Solution: I assume n is meant to be an integer, otherwise the problem wouldn't make much sense, because there would be infinitely many solutions and answers. Let x1, x2, x3 be the 3 integer roots. By Vieta's theorem, we have: 1) x1 * x2 * x3 = 2^n 2) x1 + x2 + x3 = 1 3) x1*x2 + x2*x3 + x3*x1 = a According to (1), none of the roots can be zero. Being integers they must divide 2^n, and therefore they must themselves be powers of 2 with an optional minus sign. This follows from prime factorization. They can't be all positive, otherwise their sum would be at least 3 which contradicts (2). According to (1) their product is positive; therefore one of them must be positive while the two other roots must be negative. W.l.o.g., let x1 be the positive root and |x2| = 5 which is never a power of 2. We are left with: 2^e1 = 2 + 2^e3. Here we learn that e1 >= 2 and e3 > 0. Dividing by 2 we get: 2^(e1 - 1) = 1 + 2^(e3 - 1). The only way this can be satisfied is with e3 = 1 and e1 = 2. Thus, the 3 integer roots must be x1 = 4, x2 = -1, x3 = -2 (in any order). According to (1) we get: n = e1 + e2 + e3 = 3. According to (3) we get: a = -4 + 2 - 8 = -10. In summary: a = -10, n = 3 ist the ONLY answer. The roots are x1 = 4, x2 = -1, x3 = -2 (in any order). We briefly verify that this satisfies the problem.

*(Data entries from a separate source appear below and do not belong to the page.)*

(* below the least order m0 of the x^j f_j(x, rho(x)), pi(f) vanishes, and its
   x^m0-coefficient is sum_j c_j s_1^j, using w(0) = s_1 *)
Lemma pi_coef_upto f m0 :
  (forall (j : 'I_p) i, (i < m0)%N -> pcomp_coef f j i = 0) ->
  forall i, (i <= m0)%N ->
    pc f i = if i == m0 then \sum_(j < p) iota (pcomp_coef f j m0) * s 1 ^+ j else 0.
Proof.
move=> low i hi; pose N := m0.+2.
have term (j : 'I_p) : (map_poly iota ('X^j * pcomp_rho p t f j N) * w_trunc s N ^+ j)`_i =
    if i == m0 then iota (pcomp_coef f j m0) * s 1 ^+ j else 0.
  have coefA i' : (i' < N)%N ->
      (map_poly iota ('X^j * pcomp_rho p t f j N))`_i' = iota (pcomp_coef f j i').
    by move=> hi'; rewrite coef_map pcomp_coef_trunc.
  have hA i' : (i' < m0)%N -> (map_poly iota ('X^j * pcomp_rho p t f j N))`_i' = 0.
    by move=> hi'; rewrite coefA ?low ?rmorph0 // (ltn_trans hi').
  have hB i' : (i' < 0)%N -> (w_trunc s N ^+ j)`_i' = 0 by [].
  have [h1 h2] := convolution_lowest hA hB; rewrite addn0 in h1 h2.
  rewrite coefM; case: eqP => [->|/eqP im0]; last by rewrite h1 // ltn_neqAle im0 hi.
  by rewrite h2 coefA // coef_w_truncX.
rewrite -(pi_trunc_coef iota s f (_ : (i < N)%N)) ?(leq_ltn_trans hi) //.
rewrite (pi_trunc_decomp k_char s_root) coef_sum.
under eq_bigr => j _ do rewrite term.
by case: eqP => // _; rewrite big1.
Qed.

Lemma pi_leading_coef f : f != 0 -> exists m (c : nat -> k),
  pi_ord iota s f m /\ pc f m = \sum_(j < p) iota (c j) * s 1 ^+ j.
Proof.
move=> f0; have [m0 hm0 m0_min] := ex_minnP (pcomp_coef_nonzero f0).
have low (j : 'I_p) i : (i < m0)%N -> pcomp_coef f j i = 0.
  move=> hi; apply/eqP; apply: contraTT hi => hn; rewrite -leqNgt.
  by apply: m0_min; apply/existsP; exists j.
have piE := pi_coef_upto low.
exists m0, (pcomp_coef f ^~ m0); split; last by rewrite piE ?eqxx.
split=> [|i hi]; last by rewrite piE ?(ltnW hi) // ltn_eqF.
rewrite piE // eqxx; apply/eqP => h.
have h0 := s1_powers_free k_char t_indep k_gen s_root (c := pcomp_coef f ^~ m0) h.
by case/existsP: hm0 => j /eqP; apply; apply: h0.
Qed.
End LeadingCoefficient.

(* The residue map V -> L: for z = f/g with ord pi(g) = n <= ord pi(f), send
   z to (x^n-coefficient of pi(f)) / (x^n-coefficient of pi(g)). *)
Section ResidueMap.
Variables (p : nat) (k : fieldType).
Hypothesis k_char : p \in [pchar k].
Variable t : nat -> k.
Hypothesis t_indep : alg_indep_prime t.
Hypothesis k_gen : forall x : k, in_gen_field (fun y => exists i, y = t i) x.
Variables (L : fieldType) (iota : {rmorphism k -> L}) (s : nat -> L).
Hypothesis s_root : forall i, s i ^+ p = iota (t i).
Local Notation pc := (pi_coef iota s).

Definition V_rep (z : QF k) (f g : {poly {poly k}}) (n : nat) :=
  [/\ g != 0, z = tofracK f / tofracK g, pi_ord iota s g n &
      forall m, (m < n)%N -> pc f m = 0].

Lemma tofracK_neq0 (g : {poly {poly k}}) : g != 0 -> tofracK g != 0.
Proof. by move=> g0; rewrite /tofracK tofrac_eq0. Qed.

Lemma V_rep_indep z f g n f' g' n' : V_rep z f g n -> V_rep z f' g' n' ->
  pc f n / pc g n = pc f' n' / pc g' n'.
Proof.
move=> [g0 ez [gn hg] hf] [g0' ez' [gn' hg'] hf'].
have cross : f * g' = f' * g.
  apply/eqP; rewrite -tofrac_eq !tofracM; apply/eqP.
  have G0 := tofracK_neq0 g0; have G0' := tofracK_neq0 g0'.
  rewrite -[X in X * _](divfK G0) -/(tofracK f) -/(tofracK g) -/(tofracK g').
  by rewrite -/(tofracK f') -ez ez' mulrAC divfK.
have [_ h1] := pi_coef_lowM hf hg'.
have [_ h2] := pi_coef_lowM hf' hg.
by apply/eqP; rewrite eqr_div // -h1 cross addnC h2.
Qed.

Definition residue (z : QF k) : L :=
  let w := epsilon (inhabits (0, 0, 0%N)) (fun w => V_rep z w.1.1 w.1.2 w.2) in
  pc w.1.1 w.2 / pc w.1.2 w.2.

Lemma residueE z f g n : V_rep z f g n -> residue z = pc f n / pc g n.
Proof.
move=> h; have := epsilon_spec (inhabits (0, 0, 0%N))
  (fun w => V_rep z w.1.1 w.1.2 w.2) (ex_intro _ (f, g, n) h).
by rewrite /residue => /V_rep_indep; apply.
Qed.

Lemma residueD z w : in_V iota s z -> in_V iota s w -> residue (z + w) = residue z + residue w.
Proof.
move=> [f [g [n hz]]] [f' [g' [n' hw]]].
have [g0 ez og hf] := hz; have [g0' ew og' hf'] := hw.
have [ogg eg] := pi_ordM og og'.
have [l1 e1] := pi_coef_lowM hf (proj2 og').
have [l2 e2] := pi_coef_lowM hf' (proj2 og).
have hzw : V_rep (z + w) (f * g' + f' * g) (g * g') (n + n').
  split=> //.
  - by rewrite mulf_neq0.
  - by rewrite ez ew /tofracK addf_div ?tofracK_neq0 // -!tofracM -tofracD.
  - by move=> m hm; rewrite pi_coefD l1 // l2 ?add0r // addnC.
rewrite (residueE hz) (residueE hw) (residueE hzw) pi_coefD e1 addnC e2 addnC eg.
by rewrite addf_div ?(proj1 og) ?(proj1 og') // mulrC [pc f' n' * _]mulrC.
Qed.

Lemma residueM z w : in_V iota s z -> in_V iota s w -> residue (z * w) = residue z * residue w.
Proof.
move=> [f [g [n hz]]] [f' [g' [n' hw]]].
have [g0 ez og hf] := hz; have [g0' ew og' hf'] := hw.
have [ogg eg] := pi_ordM og og'.
have [l1 e1] := pi_coef_lowM hf hf'.
have hzw : V_rep (z * w) (f * f') (g * g') (n + n').
  by split; rewrite ?mulf_neq0 // ez ew /tofracK mulf_div -!tofracM.
by rewrite (residueE hz) (residueE hw) (residueE hzw) e1 eg mulf_div.
Qed.

Lemma residue_const (a : k) : residue (tofracK (a%:P)%:P) = iota a.
Proof.
have h : V_rep (tofracK (a%:P)%:P) (a%:P)%:P 1 0.
  split=> //; [exact: oner_neq0 | by rewrite /tofracK tofrac1 divr1 | exact: pi_ord1].
by rewrite (residueE h) pi_coefC -[1]/((1%:P)%:P) pi_coefC rmorph1 divr1.
Qed.

Lemma residue_kernel z : in_V iota s z -> (residue z = 0 <-> in_mV iota s z).
Proof.
move=> [f [g [n hz]]]; have [g0 ez [gn hg] hf] := hz.
rewrite (residueE hz); split.
- move=> /eqP; rewrite mulf_eq0 invr_eq0 (negbTE gn) orbF => /eqP fn.
  exists f, g, n; split=> // m; rewrite leq_eqVlt => /orP[/eqP ->|] //; exact: hf.
- move=> [f' [g' [n' [g0' ez' og' hf']]]].
  have hz' : V_rep z f' g' n' by split=> // m hm; apply/hf'/ltnW.
  by rewrite -(residueE hz) (residueE hz') hf' // mul0r.
Qed.

Lemma pi_coef_span f n : (forall m, (m < n)%N -> pc f m = 0) -> span_s1 p iota s (pc f n).
Proof.
move=> hf; have [->|f0] := eqVneq f 0; first by rewrite pi_coef0; exact: span_s1_0.
have [m [c [[fm hm] ec]]] := pi_leading_coef k_char t_indep k_gen s_root f0.
have [hmn|hnm] := ltnP m n; first by move/eqP: fm; rewrite hf.
move: hnm; rewrite leq_eqVlt => /orP[/eqP ->|hnm]; first by rewrite ec; exists c.
by rewrite hm //; exact: span_s1_0.
Qed.

Lemma residue_image z : in_V iota s z -> in_ext_gen iota (fun y => y = s 1%N) (residue z).
Proof.
move=> [f [g [n hz]]]; have [g0 ez og hf] := hz.
rewrite (residueE hz); apply/(gen_s1_span k_char s_root).
apply: subfield_div (span_s1_closed k_char s_root) _ _; first exact: pi_coef_span.
exact: pi_coef_span (proj2 og).
Qed.

(* sum_j c_j s_1^j is the residue of (sum_j c_j u^(p-1-j) v^j) / u^(p-1) *)
Lemma residue_surjective y : in_ext_gen iota (fun y => y = s 1%N) y ->
  exists2 z, in_V iota s z & residue z = y.
Proof.
move/(gen_s1_span k_char s_root) => [c ->].
have p_gt0 : (0 < p)%N by apply/prime_gt0/(pcharf_prime k_char).
set q := p.-1.
pose f : {poly {poly k}} := \sum_(j < p) (c j *: 'X^(q - j))%:P * 'X^j.
pose g : {poly {poly k}} := ('X^q)%:P.
have pi_g i : pc g i = (i == q)%:R.
  by rewrite -(pi_trunc_coef iota s g (ltnSn i)) pi_truncC map_polyXn coefXn.
have pi_f N : pi_trunc iota s N f = \sum_(j < p) iota (c j) *: ('X^q * w_trunc s N ^+ j).
  rewrite /pi_trunc rmorph_sum horner_sum; apply: eq_bigr => j _.
  rewrite rmorphM /= hornerM map_polyC hornerC map_polyXn hornerXn /=.
  rewrite map_polyZ map_polyXn (sigma_Xw s) exprMn -scalerAl mulrA -exprD subnK //.
  by rewrite /q -ltnS prednK.
have pi_f_coef i : (i <= q)%N ->
    pc f i = if i == q then \sum_(j < p) iota (c j) * s 1 ^+ j else 0.
  move=> hi; rewrite -(pi_trunc_coef iota s f (_ : (i < q.+2)%N)) ?ltnS ?(leq_trans hi) //.
  rewrite pi_f coef_sum; case: eqP => [->|/eqP hiq].
    by apply: eq_bigr => j _; rewrite coefZ coefXnM ltnn subnn coef_w_truncX.
  by apply: big1 => j _; rewrite coefZ coefXnM ltn_neqAle hiq hi mulr0.
have hw : V_rep (tofracK f / tofracK g) f g q.
  split=> //.
  - by rewrite polyC_eq0 expf_neq0 // polyX_eq0.
  - by split=> [|m hm]; rewrite pi_g ?eqxx ?oner_eq0 // ltn_eqF.
  - by move=> m hm; rewrite pi_f_coef ?ltn_eqF // ltnW.
exists (tofracK f / tofracK g); first by exists f, g, q.
by rewrite (residueE hw) pi_f_coef // eqxx pi_g eqxx divr1.
Qed.
End ResidueMap.
Lemma legendre_ge (t y : R) : (0 <= t)%R -> (t * y - f t)%:E <= legendre f y.
Proof. by move=> t0; apply: ereal_sup_ubound; exists t. Qed.

Lemma legendre_ge_f0 (y : R) : (- f 0)%:E <= legendre f y.
Proof. by have := legendre_ge y (lexx 0%R); rewrite mul0r add0r. Qed.

Lemma legendre_nondecreasing : {homo legendre f : x y / (x <= y)%R >-> x <= y}.
Proof.
move=> x y xy; apply: ge_ereal_sup => _ [t /= t0 <-].
by apply: le_trans (legendre_ge y t0); rewrite lee_fin lerD2r ler_wpM2l.
Qed.

Lemma measurable_legendre : measurable_fun [set: R] (legendre f).
Proof.
apply: (measurability _ (ErealGenOInfty.measurableE R)) => //.
move=> /= _ [_ [a ->] <-]; apply: measurableI => //; apply: is_interval_measurable.
move=> s t /= + _ u /andP[su _]; rewrite !in_itv /= !andbT => Fs.
exact: lt_le_trans Fs (legendre_nondecreasing su).
Qed.

End legendre.

Section probability_integral.
Context {R : realType} {d : measure_display} {T : measurableType d}.
Local Open Scope ereal_scope.

Lemma measurable_le_integral (mu : {measure set T -> \bar R}) (F G : T -> \bar R) :
  measurable_fun [set: T] F -> measurable_fun [set: T] G ->
  (forall x, F x <= G x) -> \int[mu]_x F x <= \int[mu]_x G x.
Proof.
move=> mF mG FG; rewrite [leLHS]integralE [leRHS]integralE.
have FGT : {in [set: T], forall x, F x <= G x} by move=> x _; exact: FG.
apply: leeB; apply: ge0_le_integral => //.
- exact: measurable_funepos.
- exact: measurable_funepos.
- by move=> x _; apply: funepos_le FGT _ _; rewrite in_setT.
- exact: measurable_funeneg.
- exact: measurable_funeneg.
- by move=> x _; apply: funeneg_le FGT _ _; rewrite in_setT.
Qed.

Variable mu : probability T R.

Lemma probability_integral_cst (c : R) : \int[mu]_x c%:E = c%:E.
Proof. by rewrite integral_cst//= probability_setT mule1. Qed.

Lemma integralD_cst (F : T -> \bar R) (c : R) :
  measurable_fun [set: T] F -> (forall x, (- c)%:E <= F x) ->
  \int[mu]_x (F x + c%:E) = \int[mu]_x F x + c%:E.
Proof.
move=> mF Fc.
have Fc0 x : 0 <= F x + c%:E by rewrite -leeBlDr// sub0e -EFinN Fc.
have mFc : measurable_fun [set: T] (fun x => F x + c%:E) by exact: emeasurable_funD.
have [c0|c0] := leP 0%R c; last first.
  have : \int[mu]_x ((F x + c%:E) + (- c)%:E) = \int[mu]_x (F x + c%:E) + (- c)%:E.
    rewrite ge0_integralD// ?probability_integral_cst// => x _.
    by rewrite lee_fin oppr_ge0 ltW.
  under eq_integral do rewrite -addeA -EFinD subrr adde0.
  by move=> ->; rewrite -addeA -EFinD addNr adde0.
have Fneg_le x : F^\- x <= c%:E.
  by rewrite funenegE ge_max lee_fin c0 andbT leeNl -EFinN Fc.
have Fneg_fin x : F^\- x \is a fin_num.
  by rewrite ge0_fin_numE// (le_lt_trans (Fneg_le x)) ?ltry.
have intFneg_fin : \int[mu]_x F^\- x \is a fin_num.
  rewrite ge0_fin_numE ?integral_ge0// (@le_lt_trans _ _ c%:E) ?ltry//.
  rewrite -probability_integral_cst; apply: ge0_le_integral => //.
  exact: measurable_funeneg.
have FposE x : F^\+ x + c%:E = (F x + c%:E) + F^\- x.
  have -> : F x = F^\+ x - F^\- x by rewrite [in LHS](funeposneg F).
  by rewrite addeAC subeK.
have : \int[mu]_x (F^\+ x + c%:E) = \int[mu]_x ((F x + c%:E) + F^\- x).
  by apply: eq_integral => x _; exact: FposE.
rewrite ge0_integralD//; last exact: measurable_funepos.
rewrite ge0_integralD//; last exact: measurable_funeneg.
rewrite probability_integral_cst => E.
by rewrite [in RHS]integralE -[LHS](addeK _ intFneg_fin) -E addeAC.
Qed.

Starting point: from the first equation we know that gcd(r1, r2, r3) must divide 1 and from the third we know that r1, r2, r3 must be powers of 2. So either 1 or -1 is a root.

I LOVE SOUTH AFRICA , THANKS OF NELSON MANDELA, HE IS EVER ALIVE !!

Can you think of a direct way to show that 4abc - b - c (a, b and c are natural numbers) can never be a square integer?

Thank you very much

Have you done a proof of Vieta's formula? I have not heard of it before today.

So if we are asked to factorize x^3 - x^2 - 10x - 8, we "instantly" know it is (x-4)(x+2)(x+1). Easy!

Thanks Sir 🙏🙏🙏🙏

Because r1, r2, r3 are integer and r1*r2*r3=2^n, then each of |r1|, |r2|, |r3| must be powers of 2 (2^t). Now, from conditions r1+r2+r3=1 and "2 negatives, 1 positive", we can easily find the answer: -2, -1, 4

16:34 I guess, it can be proved from r1 + r2 + r3 = 1 => r1 + r2 = 1 - r3; assume r1=2^n, r2=-2^m, r3=-2^k, where n, m, k >= 1 => RHS is 2^k + 1, which is always odd in these conditions; but LHS is 2^n - 2^m can't be odd!

I learnt what you call of Vieta’s formulas as Girard equations…..I found out that it was Girard that proved the general theorem and Vietas theorem was proved for positive roots only….so in this case, I think that you should call Girard equation and not Vieta’s formula….what do you think?

On peut éliminer rapidement le cas r=1: puisque la somme des racines est 1, les deux autres racines sont opposées ; ce qui est en contradiction avec le résultat sur les signes à savoir qu’une seule racine est positive.

Nahh, this is total brain confusion for me, I'll learn it later when im in class 9 or 10 and me in 8 now

Day 3 of asking newton sir to restart making videos on integrals

perfect

(a,n) = (-4,2) works also

Bonjour mon professeur

What's done if n is not a natural number? If n= 1/2.. Vietas does not works.

Thanks for the inspirations!

3:58 I think you forgot to put the link in the description :3

First thing I did was to set x = 1, to note that 1 - 1 + a - 2^n = 0, so a = 2^n. Yet you determined a = -10. What is wrong here?

This problem is simple ... took me about 2--3 minutes to solve it mentally, without writing anything.